Eric Shubert ejs at shubes.net
Tue Jun 15 17:20:15 EEST 2010


Charles Marcus wrote:
> On 2010-06-15 6:57 AM, Stan Hoeppner wrote:
>> Too bad the Debian Dovecot maintainer isn't 'The Flash' in getting 
>> binaries uploaded. For i386 anyway. He had the AMD64 1.2.11 binary
>> uploaded to backports within a week IIRC. Took something like 2 weeks
>> IIRC before he got the i386 binary uploaded. If it weren't for the
>> fact that one of the bugs fixed was 'critical' for me (I actually
>> contributed to discovery), I'd probably not have cared. Some
>> debian-user list folks say I should simply be grateful we have
>> current Dovecot revs in backports period. I say if we didn't have
>> stuff in backports nobody would use Debian, as all the packages would
>> be 2 years out of date the moment the next stable is released...
> 
> This is precise reason I have never been inclined to try Debian other
> than once over 5 years ago (and why I like gentoo so much)...
> 
> I do understand the argument, and it's apparently worked well for them,
> but imo the 'hard' line should be drawn more against the *system*
> (compiler, kernel, system tools, etc), and not so much the software that
> rides on top.
> 
> I'm still running multiple gentoo servers that were originally installed
> 7 years ago, and are currently running mostly up to date versions of
> everything.

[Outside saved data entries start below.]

(* With the monomials x^a y^b ordered by b first and then by decreasing a,
   x^i (c y + d)^j has leading monomial x^i y^j with coefficient 1. *)
Lemma xA_affine_exp_triangular (c d : {poly F}) i j : c`_0 = 1 ->
  ((xA F ^+ i * ('X * c%:P + d%:P) ^+ j)`_j)`_i = 1 /\
  (forall a b, ((xA F ^+ i * ('X * c%:P + d%:P) ^+ j)`_b)`_a != 0 ->
       (b < j)%N \/ (b = j /\ (i <= a)%N)).
Proof.
move=> c01; split.
  by rewrite coef_xA_expM ltnn subnn coef_affine_exp leqnn subnn expr0 mulr1 binn coef0_exp1.
move=> a b; rewrite coef_xA_expM; case: ltnP => [_|ia]; first by rewrite eqxx.
rewrite coef_affine_exp.
by case: (ltngtP b j) => [bj|bj|->] /=; [left | rewrite coef0 eqxx | right].
Qed.

Lemma coef_xA_add_exp n a b : (((xA F + yA F) ^+ n)`_b)`_a =
  if (b <= n)%N then (a == (n - b)%N)%:R *+ 'C(n, b) else 0.
Proof.
rewrite xA_addE coef_affine_exp; case: leqP => _; last by rewrite coef0.
by rewrite expr1n mul1r coefMn coefXn.
Qed.

Lemma coef_uA_exp n a b : ((uA ^+ n)`_b)`_a =
  if (b <= n)%N then ((1 + 'X) ^+ b * 'X ^+ (n - b))`_a *+ 'C(n, b) else 0.
Proof. by rewrite uAE coef_affine_exp; case: leqP => _; rewrite ?coef0 // coefMn. Qed.

Lemma xA_xA_add_exp_not_cong0 r s i : (i < r)%N -> (r <= s)%N ->
  ~ congA r s (xA F ^+ i * (xA F + yA F) ^+ s.-1) 0.
Proof.
move=> ir rs /congA0P /(_ i s.-1 ir).
rewrite ltn_predL (leq_trans _ rs) ?(leq_ltn_trans _ ir) //.
have c01 : (1 : {poly F})`_0 = 1 by rewrite coef1.
rewrite xA_addE (proj1 (xA_affine_exp_triangular ('X) i s.-1 c01)).
by move/(_ isT)/eqP; rewrite oner_eq0.
Qed.

End Generators.

Section Nilpotency.
Variables (F : fieldType) (p : nat) (r s m : nat).
Hypotheses (pcharFp : p \in [pchar F]) (r_gt0 : (1 <= r)%N) (rs : (r <= s)%N).
Hypotheses (r_le_pm : (r <= p ^ m)%N)
  (m_min : forall k : nat, (r <= p ^ k)%N -> (m <= k)%N).

Lemma xA_add_exp_cong0 : (p ^ m %| s)%N -> congA r s ((xA F + yA F) ^+ s) 0.
Proof.
move=> pm_s; apply/congA0P => a b ar bs.
rewrite coef_xA_add_exp ltnW //; case: eqVneq => [a_sb|_]; last by rewrite mul0rn.
rewrite -mulr_natr -bin_sub ?(ltnW bs) // (binom_pexp_dvd_eq0 pcharFp pm_s) ?mulr0 //.
by rewrite subn_gt0 bs -a_sb (leq_trans ar).
Qed.

Lemma uA_exp_cong0 : (p ^ m %| s)%N -> congA r s (uA F ^+ s) 0.
Proof.
move=> pm_s; apply/congA0P => a b ar bs.
rewrite coef_uA_exp ltnW // coefMXn; case: ltnP => [//|sb_a]; first by rewrite mul0rn.
rewrite -mulr_natr -bin_sub ?(ltnW bs) // (binom_pexp_dvd_eq0 pcharFp pm_s) ?mulr0 //.
by rewrite subn_gt0 bs (leq_ltn_trans sb_a) // (leq_trans ar).
Qed.

Lemma uA_exp_cong0_dvd : congA r s (uA F ^+ s) 0 -> (p ^ m %| s)%N.
Proof.
move=> us0; apply/negPn/negP => pm_s.
have p_pr : prime p by exact: pcharf_prime pcharFp.
have s_gt0 : (0 < s)%N by apply: leq_trans r_gt0 rs.
have [t pt_coprime s_def] := pfactor_coprime p_pr s_gt0.
set e := logn p s in s_def.
have p_t : ~~ (p %| t)%N by rewrite -prime_coprime.
have pe_lt_r : (p ^ e < r)%N.
  rewrite ltnNge; apply/negP => r_le_pe; move/negP: pm_s; apply.
  by rewrite s_def dvdn_mull // dvdn_exp2l // m_min.
have pe_gt0 : (0 < p ^ e)%N by rewrite expn_gt0 prime_gt0.
have t_gt0 : (0 < t)%N by rewrite lt0n; apply: contraTneq s_gt0 => t0; rewrite s_def t0.
have pe_le_s : (p ^ e <= s)%N by rewrite s_def leq_pmull.
move/congA0P: us0 => /(_ (p ^ e)%N (s - p ^ e)%N pe_lt_r).
rewrite ltn_subrL pe_gt0 s_gt0 => /(_ isT).
rewrite coef_uA_exp leq_subr subKn // coefMXn ltnn subnn coef_1DX_exp bin0.
rewrite bin_sub // s_def mulnC => /eqP; rewrite -mulr_natl mulr1.
by apply/negP; apply: binom_pexpM_pexp_neq0.
Qed.

End Nilpotency.

Section Span.
Variable F : fieldType.
Local Notation PP := {poly {poly F}}.
Local Notation t := (xA F + yA F).

Lemma evalT_wide (g : {poly F}) n : (size g <= n)%N ->
  evalT g = \sum_(j < n) (g`_j)%:P%:P * t ^+ j.
Proof.
move=> gn; rewrite /evalT (horner_coef_wide _ (leq_trans (size_poly _ _) gn)).
apply: eq_bigr => j _; rewrite coef_poly; case: ltnP => // gj.
by rewrite nth_default // !rmorph0.
Qed.

Lemma take_polyC_xA (g : {poly F}) r :
  (take_poly r g)%:P = \sum_(i < r) (g`_i)%:P%:P * xA F ^+ i :> PP.
Proof.
rewrite /take_poly poly_def rmorph_sum; apply: eq_bigr => i _.
by rewrite -mul_polyC rmorphM /= xA_exp.
Qed.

I keep all of the *system* packages at 'stable', and
> applications at 'unstable', and it has worked flawlessly, with only a
> few minor bumps easily solved using google and/or the user forums. Yeah,
> 7 years is a long time hardware wise, but if it still works well and
> handles the load well, it fits my criteria of 'if it ain't broke don't
> fix it'.
> 

Charles, thanks for the making the distinction between the OS (*system*) 
and applications. I've believed for years that there is a difference 
there, and this is one good example of why.